> _To do_
Reproduce only the lines of the material below that start at the line containing "transitivity (bmul v" and stop at the line containing "let '(k, i, j)". Keep both end lines.
══ Source records
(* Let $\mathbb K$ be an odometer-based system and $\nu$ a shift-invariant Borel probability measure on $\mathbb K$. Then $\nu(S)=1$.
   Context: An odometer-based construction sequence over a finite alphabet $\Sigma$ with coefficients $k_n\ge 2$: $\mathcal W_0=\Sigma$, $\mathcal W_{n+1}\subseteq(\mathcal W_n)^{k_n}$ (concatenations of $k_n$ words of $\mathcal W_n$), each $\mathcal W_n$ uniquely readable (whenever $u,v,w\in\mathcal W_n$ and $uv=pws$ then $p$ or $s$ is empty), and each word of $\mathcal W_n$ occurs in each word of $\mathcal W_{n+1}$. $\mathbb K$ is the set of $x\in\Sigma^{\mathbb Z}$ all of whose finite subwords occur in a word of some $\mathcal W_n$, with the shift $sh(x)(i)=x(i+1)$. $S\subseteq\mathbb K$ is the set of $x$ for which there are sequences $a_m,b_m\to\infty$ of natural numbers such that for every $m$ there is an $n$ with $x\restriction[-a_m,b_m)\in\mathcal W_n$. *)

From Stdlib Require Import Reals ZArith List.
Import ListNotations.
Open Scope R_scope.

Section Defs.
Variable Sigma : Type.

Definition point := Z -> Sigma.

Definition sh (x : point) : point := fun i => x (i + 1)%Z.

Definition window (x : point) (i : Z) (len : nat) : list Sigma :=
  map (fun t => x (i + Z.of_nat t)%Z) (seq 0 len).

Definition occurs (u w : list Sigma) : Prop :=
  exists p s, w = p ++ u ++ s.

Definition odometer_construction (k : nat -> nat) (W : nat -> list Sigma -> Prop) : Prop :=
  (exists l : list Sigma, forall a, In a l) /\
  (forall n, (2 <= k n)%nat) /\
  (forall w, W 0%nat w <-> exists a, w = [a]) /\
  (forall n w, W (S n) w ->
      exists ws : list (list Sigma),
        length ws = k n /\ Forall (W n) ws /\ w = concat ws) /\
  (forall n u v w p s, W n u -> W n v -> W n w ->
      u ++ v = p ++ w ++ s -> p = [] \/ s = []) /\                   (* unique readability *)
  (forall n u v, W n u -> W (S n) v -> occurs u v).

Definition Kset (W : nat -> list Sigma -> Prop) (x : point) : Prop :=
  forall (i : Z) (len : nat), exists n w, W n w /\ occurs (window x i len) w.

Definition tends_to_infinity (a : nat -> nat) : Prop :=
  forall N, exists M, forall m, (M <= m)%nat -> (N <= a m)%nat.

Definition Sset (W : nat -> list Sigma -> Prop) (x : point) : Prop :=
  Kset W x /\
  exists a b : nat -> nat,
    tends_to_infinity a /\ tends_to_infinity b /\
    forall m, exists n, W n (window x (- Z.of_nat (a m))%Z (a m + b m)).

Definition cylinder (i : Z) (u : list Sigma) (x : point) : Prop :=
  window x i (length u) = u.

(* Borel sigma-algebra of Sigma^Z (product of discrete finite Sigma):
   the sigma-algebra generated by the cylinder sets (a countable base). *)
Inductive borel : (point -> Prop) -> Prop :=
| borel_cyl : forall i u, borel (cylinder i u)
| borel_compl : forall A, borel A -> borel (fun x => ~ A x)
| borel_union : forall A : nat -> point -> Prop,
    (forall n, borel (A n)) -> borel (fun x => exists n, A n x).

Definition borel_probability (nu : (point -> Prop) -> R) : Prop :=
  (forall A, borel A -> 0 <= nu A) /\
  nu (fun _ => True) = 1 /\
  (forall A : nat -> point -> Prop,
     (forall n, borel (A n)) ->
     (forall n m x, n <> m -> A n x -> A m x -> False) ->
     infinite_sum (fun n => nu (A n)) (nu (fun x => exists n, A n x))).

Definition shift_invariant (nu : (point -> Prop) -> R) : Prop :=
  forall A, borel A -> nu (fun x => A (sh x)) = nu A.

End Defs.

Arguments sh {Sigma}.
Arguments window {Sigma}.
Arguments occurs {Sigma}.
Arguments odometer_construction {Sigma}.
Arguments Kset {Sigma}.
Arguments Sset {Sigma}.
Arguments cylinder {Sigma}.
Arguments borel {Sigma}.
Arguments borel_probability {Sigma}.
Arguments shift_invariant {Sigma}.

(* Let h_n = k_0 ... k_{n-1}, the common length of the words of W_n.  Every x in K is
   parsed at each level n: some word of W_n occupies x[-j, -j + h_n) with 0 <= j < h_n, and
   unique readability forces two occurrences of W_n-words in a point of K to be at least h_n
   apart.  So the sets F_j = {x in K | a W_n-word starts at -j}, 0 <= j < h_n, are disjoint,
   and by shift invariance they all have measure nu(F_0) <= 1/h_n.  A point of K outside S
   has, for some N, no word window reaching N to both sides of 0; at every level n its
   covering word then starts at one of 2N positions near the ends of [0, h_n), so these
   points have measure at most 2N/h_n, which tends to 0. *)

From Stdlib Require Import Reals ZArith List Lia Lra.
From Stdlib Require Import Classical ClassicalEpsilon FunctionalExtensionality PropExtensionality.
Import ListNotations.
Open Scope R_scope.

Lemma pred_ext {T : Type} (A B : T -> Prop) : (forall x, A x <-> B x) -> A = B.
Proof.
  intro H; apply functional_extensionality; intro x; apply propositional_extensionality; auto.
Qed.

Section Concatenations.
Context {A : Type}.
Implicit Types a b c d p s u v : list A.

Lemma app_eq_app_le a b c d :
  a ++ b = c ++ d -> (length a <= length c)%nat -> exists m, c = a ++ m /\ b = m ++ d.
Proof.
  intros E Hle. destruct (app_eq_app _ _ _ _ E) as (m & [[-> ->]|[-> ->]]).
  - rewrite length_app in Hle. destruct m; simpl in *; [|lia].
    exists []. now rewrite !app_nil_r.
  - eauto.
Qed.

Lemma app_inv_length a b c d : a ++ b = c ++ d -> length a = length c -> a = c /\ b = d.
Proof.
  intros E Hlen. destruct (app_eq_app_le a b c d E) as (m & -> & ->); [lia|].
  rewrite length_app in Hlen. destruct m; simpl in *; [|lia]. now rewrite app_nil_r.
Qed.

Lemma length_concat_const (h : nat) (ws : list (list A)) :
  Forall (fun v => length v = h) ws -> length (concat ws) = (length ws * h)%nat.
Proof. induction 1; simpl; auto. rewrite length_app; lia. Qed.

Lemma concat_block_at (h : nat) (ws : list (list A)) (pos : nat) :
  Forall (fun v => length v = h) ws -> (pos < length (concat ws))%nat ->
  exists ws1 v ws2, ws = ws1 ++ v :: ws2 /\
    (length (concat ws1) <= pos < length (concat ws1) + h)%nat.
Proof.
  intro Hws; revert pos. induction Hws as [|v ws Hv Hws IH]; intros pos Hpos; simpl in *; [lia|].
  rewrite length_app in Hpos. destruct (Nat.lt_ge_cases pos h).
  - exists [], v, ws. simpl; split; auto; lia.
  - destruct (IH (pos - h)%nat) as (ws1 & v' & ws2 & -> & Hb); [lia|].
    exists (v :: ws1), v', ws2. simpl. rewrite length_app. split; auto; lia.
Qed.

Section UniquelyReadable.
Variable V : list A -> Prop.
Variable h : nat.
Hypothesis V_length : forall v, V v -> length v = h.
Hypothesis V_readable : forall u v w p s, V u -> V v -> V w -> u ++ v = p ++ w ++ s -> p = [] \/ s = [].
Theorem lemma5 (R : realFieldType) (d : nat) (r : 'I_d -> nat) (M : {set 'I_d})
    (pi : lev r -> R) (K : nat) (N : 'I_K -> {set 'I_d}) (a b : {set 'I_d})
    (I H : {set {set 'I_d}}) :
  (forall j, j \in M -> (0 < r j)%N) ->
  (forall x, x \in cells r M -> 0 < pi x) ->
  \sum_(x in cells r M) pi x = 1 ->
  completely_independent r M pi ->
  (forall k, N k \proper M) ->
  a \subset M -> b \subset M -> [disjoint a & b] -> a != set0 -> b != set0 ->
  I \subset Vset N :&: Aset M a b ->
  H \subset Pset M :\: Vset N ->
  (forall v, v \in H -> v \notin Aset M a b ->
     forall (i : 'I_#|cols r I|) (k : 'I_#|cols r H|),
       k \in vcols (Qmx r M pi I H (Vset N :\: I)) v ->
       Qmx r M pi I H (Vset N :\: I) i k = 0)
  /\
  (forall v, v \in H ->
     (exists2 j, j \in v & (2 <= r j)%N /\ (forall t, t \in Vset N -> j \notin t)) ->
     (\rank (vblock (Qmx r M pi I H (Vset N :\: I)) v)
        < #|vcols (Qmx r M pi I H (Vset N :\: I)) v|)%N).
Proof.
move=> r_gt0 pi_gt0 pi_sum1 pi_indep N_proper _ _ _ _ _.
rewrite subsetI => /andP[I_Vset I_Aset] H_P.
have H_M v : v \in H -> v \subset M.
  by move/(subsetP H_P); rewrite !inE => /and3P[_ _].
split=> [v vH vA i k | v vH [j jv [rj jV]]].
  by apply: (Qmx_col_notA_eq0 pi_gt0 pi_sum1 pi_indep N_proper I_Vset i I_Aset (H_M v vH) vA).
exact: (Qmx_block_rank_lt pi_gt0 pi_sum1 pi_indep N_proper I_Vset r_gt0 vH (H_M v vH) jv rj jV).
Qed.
════
══ Source records
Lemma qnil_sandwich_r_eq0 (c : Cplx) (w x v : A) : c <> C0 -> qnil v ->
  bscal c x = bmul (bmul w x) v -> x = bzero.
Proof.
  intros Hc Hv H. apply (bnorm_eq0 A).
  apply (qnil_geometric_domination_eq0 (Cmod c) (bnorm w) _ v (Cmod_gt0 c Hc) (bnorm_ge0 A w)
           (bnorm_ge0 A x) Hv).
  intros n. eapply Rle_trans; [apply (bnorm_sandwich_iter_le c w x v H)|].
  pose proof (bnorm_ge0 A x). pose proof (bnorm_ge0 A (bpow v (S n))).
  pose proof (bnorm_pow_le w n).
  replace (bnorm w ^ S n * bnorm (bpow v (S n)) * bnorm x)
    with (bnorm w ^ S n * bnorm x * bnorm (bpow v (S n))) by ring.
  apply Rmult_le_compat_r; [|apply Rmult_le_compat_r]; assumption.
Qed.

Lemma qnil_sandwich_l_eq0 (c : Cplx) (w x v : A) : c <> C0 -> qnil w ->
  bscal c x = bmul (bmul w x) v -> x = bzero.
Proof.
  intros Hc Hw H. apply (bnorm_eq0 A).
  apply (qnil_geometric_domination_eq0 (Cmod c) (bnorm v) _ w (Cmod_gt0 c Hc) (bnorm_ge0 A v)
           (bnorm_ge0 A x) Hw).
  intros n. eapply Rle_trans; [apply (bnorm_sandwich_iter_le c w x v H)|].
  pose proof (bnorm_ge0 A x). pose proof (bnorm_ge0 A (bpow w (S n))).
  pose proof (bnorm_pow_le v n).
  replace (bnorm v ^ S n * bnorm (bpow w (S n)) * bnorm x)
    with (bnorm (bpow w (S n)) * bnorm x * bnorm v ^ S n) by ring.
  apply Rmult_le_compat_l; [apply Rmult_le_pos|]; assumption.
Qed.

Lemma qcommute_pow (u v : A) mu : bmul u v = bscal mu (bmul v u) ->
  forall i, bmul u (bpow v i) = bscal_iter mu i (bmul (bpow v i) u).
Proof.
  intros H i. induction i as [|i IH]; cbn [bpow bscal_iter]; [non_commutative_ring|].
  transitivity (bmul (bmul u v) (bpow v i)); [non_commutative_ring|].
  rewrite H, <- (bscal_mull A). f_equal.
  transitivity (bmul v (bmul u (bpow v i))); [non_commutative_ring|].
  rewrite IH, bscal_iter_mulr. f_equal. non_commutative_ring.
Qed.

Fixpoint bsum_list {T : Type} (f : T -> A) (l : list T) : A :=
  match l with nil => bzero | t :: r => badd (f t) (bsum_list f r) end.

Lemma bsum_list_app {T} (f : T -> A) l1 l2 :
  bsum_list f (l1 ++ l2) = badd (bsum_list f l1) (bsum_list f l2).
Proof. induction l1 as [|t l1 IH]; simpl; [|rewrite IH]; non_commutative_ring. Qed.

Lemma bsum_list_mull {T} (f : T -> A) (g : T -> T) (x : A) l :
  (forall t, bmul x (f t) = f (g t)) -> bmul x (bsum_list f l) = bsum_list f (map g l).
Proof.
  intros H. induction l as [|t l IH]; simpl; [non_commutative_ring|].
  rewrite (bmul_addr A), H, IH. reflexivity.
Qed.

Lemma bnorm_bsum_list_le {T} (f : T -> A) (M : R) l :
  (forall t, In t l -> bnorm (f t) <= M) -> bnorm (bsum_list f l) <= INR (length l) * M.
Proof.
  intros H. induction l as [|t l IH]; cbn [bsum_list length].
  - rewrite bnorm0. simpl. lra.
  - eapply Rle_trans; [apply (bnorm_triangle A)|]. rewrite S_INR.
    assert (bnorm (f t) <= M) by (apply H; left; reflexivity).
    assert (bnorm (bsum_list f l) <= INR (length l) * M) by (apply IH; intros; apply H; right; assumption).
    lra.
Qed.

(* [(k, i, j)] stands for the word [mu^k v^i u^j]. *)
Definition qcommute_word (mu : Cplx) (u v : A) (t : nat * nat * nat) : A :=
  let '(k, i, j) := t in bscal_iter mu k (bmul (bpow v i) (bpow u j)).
════
> _Output below_
  transitivity (bmul v (bmul u (bpow v i))); [non_commutative_ring|].
  rewrite IH, bscal_iter_mulr. f_equal. non_commutative_ring.
Qed.

Fixpoint bsum_list {T : Type} (f : T -> A) (l : list T) : A :=
  match l with nil => bzero | t :: r => badd (f t) (bsum_list f r) end.

Lemma bsum_list_app {T} (f : T -> A) l1 l2 :
  bsum_list f (l1 ++ l2) = badd (bsum_list f l1) (bsum_list f l2).
Proof. induction l1 as [|t l1 IH]; simpl; [|rewrite IH]; non_commutative_ring. Qed.

Lemma bsum_list_mull {T} (f : T -> A) (g : T -> T) (x : A) l :
  (forall t, bmul x (f t) = f (g t)) -> bmul x (bsum_list f l) = bsum_list f (map g l).
Proof.
  intros H. induction l as [|t l IH]; simpl; [non_commutative_ring|].
  rewrite (bmul_addr A), H, IH. reflexivity.
Qed.

Lemma bnorm_bsum_list_le {T} (f : T -> A) (M : R) l :
  (forall t, In t l -> bnorm (f t) <= M) -> bnorm (bsum_list f l) <= INR (length l) * M.
Proof.
  intros H. induction l as [|t l IH]; cbn [bsum_list length].
  - rewrite bnorm0. simpl. lra.
  - eapply Rle_trans; [apply (bnorm_triangle A)|]. rewrite S_INR.
    assert (bnorm (f t) <= M) by (apply H; left; reflexivity).
    assert (bnorm (bsum_list f l) <= INR (length l) * M) by (apply IH; intros; apply H; right; assumption).
    lra.
Qed.

(* [(k, i, j)] stands for the word [mu^k v^i u^j]. *)
Definition qcommute_word (mu : Cplx) (u v : A) (t : nat * nat * nat) : A :=
  let '(k, i, j) := t in bscal_iter mu k (bmul (bpow v i) (bpow u j)).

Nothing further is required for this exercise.